------ Data listing
(* \[ \sum_{n=1}^\infty\frac{a_n^2\,H_n^{(3)}}{2n-1}=\frac{2}{\pi}\Big(16G+4\pi-8\pi\log2-\zeta(3)-8\Big). \]
   Context: $a_n=\frac{1}{4^n}\binom{2n}{n}$; $H_n^{(3)}=\sum_{k=1}^n\frac{1}{k^3}$; $G=\sum_{k\ge0}\frac{(-1)^k}{(2k+1)^2}$ is Catalan's constant; $\zeta(3)=\sum_{k\ge1}k^{-3}$. *)

From Stdlib Require Import Reals.
From Coquelicot Require Import Coquelicot.
Open Scope R_scope.

Definition a_ (n : nat) : R := Binomial.C (2 * n) n / 4 ^ n.

Definition H3 (n : nat) : R := sum_n_m (fun k => / (INR k) ^ 3) 1 n.

Definition catalan : R := Series (fun k => (-1) ^ k / (2 * INR k + 1) ^ 2).

(* zeta(3) = sum_{k>=1} 1/k^3 ; index shifted: term k is 1/(k+1)^3 *)
Definition zeta3 : R := Series (fun k => / (INR k + 1) ^ 3).

(* the summand of the series, n >= 1 (term 0 is set to 0) *)
Definition term (n : nat) : R :=
  match n with
  | O => 0
  | S _ => (a_ n) ^ 2 * H3 n / (2 * INR n - 1)
  end.

From Stdlib Require Import Reals Lra Lia Psatz.
From Coquelicot Require Import Coquelicot.
Open Scope R_scope.

(** With g_n = 4 n^2 a_n^2 / (2n - 1) one has a_n^2 / (2n - 1) = g_n - g_(n+1),
    and Wallis' integrals give g_n -> 2/pi.  Abel summation against
    H_n^(3) - H_(n-1)^(3) = 1/n^3 and 4 / (n (2n - 1)) = 8 / (2n - 1) - 4 / n
    turn the series into 8 (1 - 2/pi) - 2 zeta(3) / pi - 4 sum_n a_n^2 / n.
    Since int_0^(pi/2) (pi/2 - t) sin^(2n-1) t cos t dt = pi a_n / (4n) and
    sum_n a_n x^n = (1 - x)^(-1/2), the last sum is
    (4/pi) int_0^(pi/2) (pi/2 - t) tan (t/2) dt.  With t = 2s this integral
    is pi ln 2 / 2 - 4 L, where L = int_0^(pi/4) s tan s; and L is found by
    evaluating int_0^(pi/2) s cot s twice: splitting at pi/4 (with
    G = int_0^1 atan u / u du on the first half) and through the duplication
    formula 2 cot (2s) = cot s - tan s. *)

(* Coquelicot states some goals in its own structures ([plus], [scal]);
   [field] and [ring] need them at type [R]. *)
Ltac R_goal := match goal with |- ?x = ?y => change (@eq R x y) end.

Lemma continuous_of_ex_derive (f : R -> R) x : ex_derive f x -> continuous f x.
Proof. apply (ex_derive_continuous (K := R_AbsRing) (V := R_NormedModule)). Qed.

Lemma continuity_pt_of_is_derive (f : R -> R) x l : is_derive f x l -> continuity_pt f x.
Proof.
  intro Hd. apply continuity_pt_filterlim, continuous_of_ex_derive. exists l. exact Hd.
Qed.

Lemma is_derive_minus_R (f g : R -> R) x df dg :
  is_derive f x df -> is_derive g x dg -> is_derive (fun t => f t - g t) x (df - dg).
Proof. exact (is_derive_minus f g x df dg). Qed.

Lemma is_derive_value (f : R -> R) x l1 l2 : is_derive f x l1 -> l1 = l2 -> is_derive f x l2.
Proof. intros H <-. exact H. Qed.

Lemma ex_RInt_of_continuous (f : R -> R) a b :
  (forall z, Rmin a b <= z <= Rmax a b -> continuous f z) -> ex_RInt f a b.
Proof. apply (ex_RInt_continuous (V := R_CompleteNormedModule)). Qed.

Lemma is_RInt_RInt (f : R -> R) a b : ex_RInt f a b -> is_RInt f a b (RInt f a b).
Proof. apply (RInt_correct (V := R_CompleteNormedModule)). Qed.

Lemma is_RInt_value (f : R -> R) a b l1 l2 : is_RInt f a b l1 -> l1 = l2 -> is_RInt f a b l2.
Proof. intros H <-. exact H. Qed.

Lemma is_RInt_bounds (f : R -> R) a b a' b' l :
  is_RInt f a b l -> a = a' -> b = b' -> is_RInt f a' b' l.
Proof. intros H <- <-. exact H. Qed.

Lemma is_RInt_uniq (f : R -> R) a b l1 l2 : is_RInt f a b l1 -> is_RInt f a b l2 -> l1 = l2.
Proof.
  intros H1 H2. rewrite <- (is_RInt_unique f a b l1 H1). exact (is_RInt_unique f a b l2 H2).
Qed.

Lemma is_RInt_plus_R (f g : R -> R) a b If Ig :
  is_RInt f a b If -> is_RInt g a b Ig -> is_RInt (fun t => f t + g t) a b (If + Ig).
Proof. exact (is_RInt_plus f g a b If Ig). Qed.

Lemma is_RInt_scal_R (f : R -> R) a b k If :
  is_RInt f a b If -> is_RInt (fun t => k * f t) a b (k * If).
Proof. exact (is_RInt_scal f a b k If). Qed.

Lemma is_RInt_lincomb_R (f g : R -> R) a b If Ig k l :
  is_RInt f a b If -> is_RInt g a b Ig ->
  is_RInt (fun t => k * f t - l * g t) a b (k * If - l * Ig).
Proof.
  intros Hf Hg. exact (is_RInt_minus _ _ a b _ _ (is_RInt_scal _ a b k _ Hf) (is_RInt_scal _ a b l _ Hg)).
Qed.

Lemma is_RInt_derive_le (F f : R -> R) a b : a <= b ->
  (forall x, a <= x <= b -> is_derive F x (f x)) ->
  (forall x, a <= x <= b -> continuous f x) -> is_RInt f a b (F b - F a).
Proof.
  intros Hab HD HC. apply (is_RInt_derive F f a b); rewrite Rmin_left, Rmax_right by lra; assumption.
Qed.

Lemma is_RInt_dist_le (f g : R -> R) a b If Ig e : a <= b ->
  is_RInt f a b If -> is_RInt g a b Ig ->
  (forall x, a <= x <= b -> Rabs (f x - g x) <= e) -> Rabs (If - Ig) <= (b - a) * e.
Proof.
  intros Hab Hf Hg Hfg.
  assert (Hle := norm_RInt_le_const_abs (V := R_NormedModule)
                   (fun y => minus (f y) (g y)) a b (minus If Ig) e).
  rewrite Rmin_left, Rmax_right in Hle by lra.
  specialize (Hle Hfg (is_RInt_minus _ _ a b _ _ Hf Hg)).
  change (norm ?x) with (Rabs x) in Hle. rewrite (Rabs_pos_eq (b - a)) in Hle by lra.
  exact Hle.
Qed.

Lemma nondecreasing_of_is_derive (f df : R -> R) a b : a <= b ->
  (forall x, a <= x <= b -> is_derive f x (df x)) ->
  (forall x, a <= x <= b -> 0 <= df x) -> f a <= f b.
Proof.
  intros Hab HD Hpos.
  destruct (MVT_gen f a b df) as [c [Hc E]];
    rewrite ?Rmin_left, ?Rmax_right in * by lra.
  - intros x Hx. apply HD. lra.
  - intros x Hx. apply (continuity_pt_of_is_derive f x (df x)), HD, Hx.
  - specialize (Hpos c Hc). nra.
Qed.

Lemma is_lim_seq_inv_affine c d : 0 < c -> 0 < d -> is_lim_seq (fun N => / (c * INR N + d)) 0.
Proof.
  intros Hc Hd.
  assert (Hinf : is_lim_seq (fun N => c * INR N + d) p_infty).
  { apply is_lim_seq_le_p_loc with (fun N => c * INR N).
    - exists 0%nat. intros; lra.
    - assert (H := is_lim_seq_scal_l INR c p_infty is_lim_seq_INR). simpl in H.
      destruct (Rle_dec 0 c) as [h|h]; [|lra].
      destruct (Rle_lt_or_eq_dec 0 c h); [exact H|lra]. }
  exact (is_lim_seq_inv _ _ Hinf ltac:(discriminate)).
Qed.

Lemma is_lim_seq_of_dist_le (u e : nat -> R) (l : R) :
  (forall N, Rabs (u N - l) <= e N) -> is_lim_seq e 0 -> is_lim_seq u l.
Proof.
  intros H He.
  apply is_lim_seq_le_le with (fun N => l - e N) (fun N => l + e N).
  - intro N. specialize (H N). apply Rabs_le_between in H. lra.
  - replace (Finite l) with (Finite (l - 0)) by (f_equal; ring).
    apply is_lim_seq_minus'; [apply is_lim_seq_const | exact He].
  - replace (Finite l) with (Finite (l + 0)) by (f_equal; ring).
    apply is_lim_seq_plus'; [apply is_lim_seq_const | exact He].
Qed.

Lemma is_series_of_is_lim_seq (u : nat -> R) (l : R) : is_lim_seq (sum_n u) l -> is_series u l.
Proof. intro H. exact H. Qed.

Lemma is_derive_odd_pow k u : is_derive (fun x => x * (x ^ 2) ^ k) u ((2 * INR k + 1) * (u ^ 2) ^ k).
Proof.
  auto_derive; auto. destruct k as [|k].
  - simpl. R_goal. ring.
  - simpl Init.Nat.pred. rewrite S_INR. R_goal. simpl pow. ring.
Qed.

(** * Central binomial coefficients and Wallis integrals *)

Lemma a_0 : a_ 0 = 1.
Proof. unfold a_, Binomial.C. simpl. field. Qed.

Lemma a_succ n : a_ (S n) = a_ n * (2 * INR n + 1) / (2 * INR n + 2).
Proof.
  unfold a_, Binomial.C.
  replace (2 * S n - S n)%nat with (S n) by lia.
  replace (2 * n - n)%nat with n by lia.
  replace (2 * S n)%nat with (S (S (2 * n))) by lia.
  rewrite !fact_simpl, !mult_INR, !S_INR, mult_INR. simpl INR.
  assert (Hn := INR_fact_lt_0 n).
  assert (0 <= INR n) by apply pos_INR.
  assert (0 < 4 ^ n) by (apply pow_lt; lra).
  simpl pow. field; repeat split; lra.
Qed.

Lemma a_pos n : 0 < a_ n.
Proof.
  induction n as [|n IH]; [rewrite a_0; lra|].
  rewrite a_succ. assert (0 <= INR n) by apply pos_INR.
  apply Rdiv_lt_0_compat; [apply Rmult_lt_0_compat|]; lra.
Qed.

Lemma continuous_sin_pow n x : continuous (fun t => sin t ^ n) x.
Proof. apply continuous_of_ex_derive. auto_derive. auto. Qed.

Lemma ex_RInt_sin_pow n a b : ex_RInt (fun t => sin t ^ n) a b.
Proof. apply ex_RInt_of_continuous. intros; apply continuous_sin_pow. Qed.

Definition wallis n := RInt (fun t => sin t ^ n) 0 (PI / 2).

Lemma is_RInt_wallis n : is_RInt (fun t => sin t ^ n) 0 (PI / 2) (wallis n).
Proof. apply is_RInt_RInt, ex_RInt_sin_pow. Qed.

(* Integration by parts, in the form
   (sin^(n+1) t cos t)' = (n+1) sin^n t - (n+2) sin^(n+2) t. *)
Lemma wallis_rec n : INR (n + 1) * wallis n = INR (n + 2) * wallis (n + 2).
Proof.
  assert (Hpi := PI2_RGT_0).
  assert (H : is_RInt (fun t => INR (n + 1) * sin t ^ n - INR (n + 2) * sin t ^ (n + 2)) 0 (PI / 2)
    ((fun t => sin t ^ (n + 1) * cos t) (PI / 2) - (fun t => sin t ^ (n + 1) * cos t) 0)).
  { apply (is_RInt_derive_le (fun t => sin t ^ (n + 1) * cos t)); [lra| |].
    - intros x _. auto_derive; auto.
      replace (n + 2)%nat with (S (S n)) by lia. replace (n + 1)%nat with (S n) by lia.
      simpl Init.Nat.pred. assert (Hsc := sin2_cos2 x). unfold Rsqr in Hsc.
      apply Rminus_diag_uniq.
      replace (_ - _) with (INR (S n) * sin x ^ n * (sin x * sin x + cos x * cos x - 1))
        by (rewrite !S_INR; simpl pow; ring).
      rewrite Hsc. ring.
    - intros x _. apply continuous_of_ex_derive. auto_derive. auto. }
  simpl in H. rewrite cos_PI2, sin_0 in H.
  replace (sin (PI / 2) ^ (n + 1) * 0 - 0 ^ (n + 1) * cos 0) with 0 in H
    by (replace (n + 1)%nat with (S n) by lia; simpl; ring).
  apply Rminus_diag_uniq. symmetry.
  exact (is_RInt_uniq _ _ _ _ _ H (is_RInt_lincomb_R _ _ _ _ _ _ _ _ (is_RInt_wallis n) (is_RInt_wallis (n + 2)))).
Qed.

Lemma wallis_0 : wallis 0 = PI / 2.
Proof.
  apply is_RInt_uniq with (1 := is_RInt_wallis 0).
  apply (is_RInt_value _ _ _ ((fun t => t) (PI / 2) - (fun t => t) 0)); [|simpl; ring].
  apply (is_RInt_derive_le (fun t => t)); [pose proof PI2_RGT_0; lra| |].
  - intros x _. auto_derive; auto.
  - intros x _. apply continuous_sin_pow.
Qed.

Lemma wallis_1 : wallis 1 = 1.
Proof.
  apply is_RInt_uniq with (1 := is_RInt_wallis 1).
  apply (is_RInt_value _ _ _ ((fun t => - cos t) (PI / 2) - (fun t => - cos t) 0));
    [|simpl; rewrite cos_PI2, cos_0; ring].
  apply (is_RInt_derive_le (fun t => - cos t)); [pose proof PI2_RGT_0; lra| |].
  - intros x _. auto_derive; auto. ring.
  - intros x _. apply continuous_sin_pow.
Qed.

Lemma wallis_succ_le n : wallis (S n) <= wallis n.
Proof.
  apply RInt_le; [pose proof PI2_RGT_0; lra|apply ex_RInt_sin_pow|apply ex_RInt_sin_pow|].
  intros x Hx. simpl.
  assert (0 <= sin x) by (apply sin_ge_0; pose proof PI2_Rlt_PI; lra).
  assert (sin x <= 1) by apply SIN_bound.
  assert (0 <= sin x ^ n) by (apply pow_le; lra).
  nra.
Qed.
------------
# [Instructions for the task]
Reproduce each line from the data that has "frac" in it.

# [Solution below]
(* \[ \sum_{n=1}^\infty\frac{a_n^2\,H_n^{(3)}}{2n-1}=\frac{2}{\pi}\Big(16G+4\pi-8\pi\log2-\zeta(3)-8\Big). \]
   Context: $a_n=\frac{1}{4^n}\binom{2n}{n}$; $H_n^{(3)}=\sum_{k=1}^n\frac{1}{k^3}$; $G=\sum_{k\ge0}\frac{(-1)^k}{(2k+1)^2}$ is Catalan's constant; $\zeta(3)=\sum_{k\ge1}k^{-3}$. *)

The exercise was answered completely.